WHO Reports Oseltamivir Resistance in Southern Hemisphere

On August 15, 2008, the World Health Organization (WHO) issued a report indicating that clinical samples from the 2008 influenza season provide evidence of a high degree of resistance to the antiviral drug oseltamivir (Tamiflu^®).

According to WHO, there have been “several reports from National Influenza Centres in the southern hemisphere regarding influenza A (H1N1) virus resistance to oseltamivir.”¹ WHO’s report focuses on South Africa, where 139 clinical samples were isolated thus far during the 2008 influenza season. A 107-isolate subsample was tested for oseltamivir resistance, and 100% were found to be resistant to oseltamivir by genetic analysis; just one of the 107 patients with resistant strains had been receiving oseltamivir at the time of sampling. None of the 107 patients was reported to have unusual clinical features or underlying conditions. In a news report from Bloomberg, Terry Besselaar, director of South Africa's National Influenza Centre in Johannesburg commented, “The patients are from across the country, so the resistant strain is widespread.”²

The WHO report also notes that 10 of 10 A(H1N1) viruses isolated and tested in Australia, and 4 of 32 A(H1N1) viruses isolated and tested in Chile, were found to have the genetic mutation that has been associated with oseltamivir resistance.

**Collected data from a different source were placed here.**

Lemma char_pres_annihilator r : artinian R -> self_injective R ->
  (forall m : M, exists v, f v = m) -> char_pres f r -> annihilator M r.
Proof.
move=> R_art R_inj f_onto r_char m; have [w <-] := f_onto m.
rewrite -is_linearZ //; apply: contrapT => rw_notin_N.
have [k k_lin [k_N]] := artinian_self_injective_separate R_art R_inj
  (kernel_submodule f_lin) rw_notin_N.
rewrite is_lformZ // is_lform_rowE // mulr_sumr big1 ?eqxx // => j _.
by rewrite mulrCA [r * _]mulrC (char_pres_lform_ker r_char k_lin k_N) mulr0.
Qed.

Lemma annihilator_char_pres r : self_injective R -> annihilator M r -> char_pres f r.
Proof.
move=> R_inj r_ann.
have [ext extP] : {ext : ('rV[R]_n -> R) -> 'rV[R]_n -> R &
    forall phi, sub_dual N phi -> is_lform (ext phi) /\ sub_eq N (ext phi) phi}.
  apply: (@choice _ _ (fun phi h => sub_dual N phi -> is_lform h /\ sub_eq N h phi)) => phi.
  have [phi_dual|] := EM (sub_dual N phi); last by exists phi.
  have [h h_lin h_phi] := self_injective_extend R_inj (kernel_submodule f_lin) phi_dual.
  by exists h.
pose w j : 'rV[R]_n := r *: delta_mx 0 j.
have w_N j : N (w j) by rewrite /N is_linearZ // r_ann.
have r_ext phi j : sub_dual N phi -> r * ext phi (delta_mx 0 j) = phi (w j).
  by move=> /extP[ext_lin ext_phi]; rewrite -is_lformZ //; apply: ext_phi; apply: w_N.
exists (fun phi => r * \det (\matrix_(i, j) ext (phi i) (delta_mx 0 j))); split.
  exact: mulr_det_alt_multilin w_N r_ext.
transitivity (r * \det (1%:M : 'M[R]_n)); first by rewrite det1 mulr1.
apply: mulr_det_eq => i j; rewrite !mxE r_ext; last exact: coord_dual.
by rewrite /w !mxE.
Qed.

End CharPres.

Theorem propositionC8 (R : comNzRingType) (M : lmodType R) :
  zero_dim_gorenstein R -> fin_gen M ->
  forall (n : nat) (f : 'rV[R]_n -> M),
    (0 < n)%N -> is_linear f -> (forall m : M, exists v, f v = m) ->
    forall r : R, char_pres f r <-> annihilator M r.
Proof.
(* Finite generation is witnessed by f itself, and n = 0 needs no special case. *)
move=> [R_art R_inj] _ n f _ f_lin f_onto r; split.
  exact: char_pres_annihilator.
exact: annihilator_char_pres.
Qed.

According to Bloomberg, oseltamivir resistance has been reported in 40 countries in Europe, North and South America, Africa, Asia and Australia since January. A representative from Roche, which manufactures Tamiflu^®, said the company is planning “to conduct a resistance surveillance study to collect information on both the sensitive and resistant influenza infections during the 2008-2009 flu season.”²

In a summary of the findings, the European Centre for Disease Control and Prevention (ECDC) stated that, while the significance of these findings remains uncertain, the “emergence of drug resistance in the context of limited drug use is unexpected, and the extent of future circulation is difficult to predict.”³ Although there is currently no evidence that resistance is related to the use of the medicine, the ECDC will work with Roche to conduct additional surveillance and testing.²

Jennifer Nuzzo

References

1. World Health Organization. Influenza A(H1N1) virus resistance to oseltamivir-2008 influenza season, southern hemisphere. August 20, 2008. http://www.who.int/csr/disease/influenza/H1N1webupdate20082008_kf.pdf. Accessed August 22, 2008.
2. Gale J. Tamiflu-resistant flu is ‘widespread’ in South Africa (update3). August 22, 2008. Bloomberg. http://www.bloomberg.com/apps/news?pid=20601116&sid=a_Ik7zQcRNKM&refer=africa. Accessed August 22, 2008.
3. European Centre for Disease Control and Prevention. Resistance to oseltamivir (Tamiflu) in some European influenza virus samples. Influenza News. August 21, 2008. http://ecdc.europa.eu/Health_topics/influenza/news/news_Influenza_080821.html#oseltamivir. Accessed August 22, 2008.

 
Indonesia Publishes Study on its H5N1 Cases and Factors Linked to Mortality

On August 15, 2008, The Lancet released a study in its early online publication describing the factors associated with H5N1 case fatality in Indonesia; those factors include symptoms, time to hospitalization, time to initiation of antiviral treatment, and several others. The authors, who are officials from the Indonesia Health Ministry and the World Health Organization (WHO), concluded that better diagnostic methods, faster H5N1 case recognition, and better case management would likely lead to a lower mortality rate, because these improvements would give healthcare providers the opportunity to administer antiviral medications to patients at an earlier stage of disease.¹

Indonesia has developed a surveillance and patient referral system for human H5N1 infections based on WHO H5N1 case definitions. Health officers are trained to identify cases based on case definitions, conduct preliminary epidemiologic investigation of suspected cases, and take reliable patient samples for confirmatory testing at the labs. Suspected cases of H5N1 are to be sent immediately to an avian influenza referral hospital, which is at most within a day’s travel by land.¹ There are currently 44 hospitals in country, and that number is being increased to 100.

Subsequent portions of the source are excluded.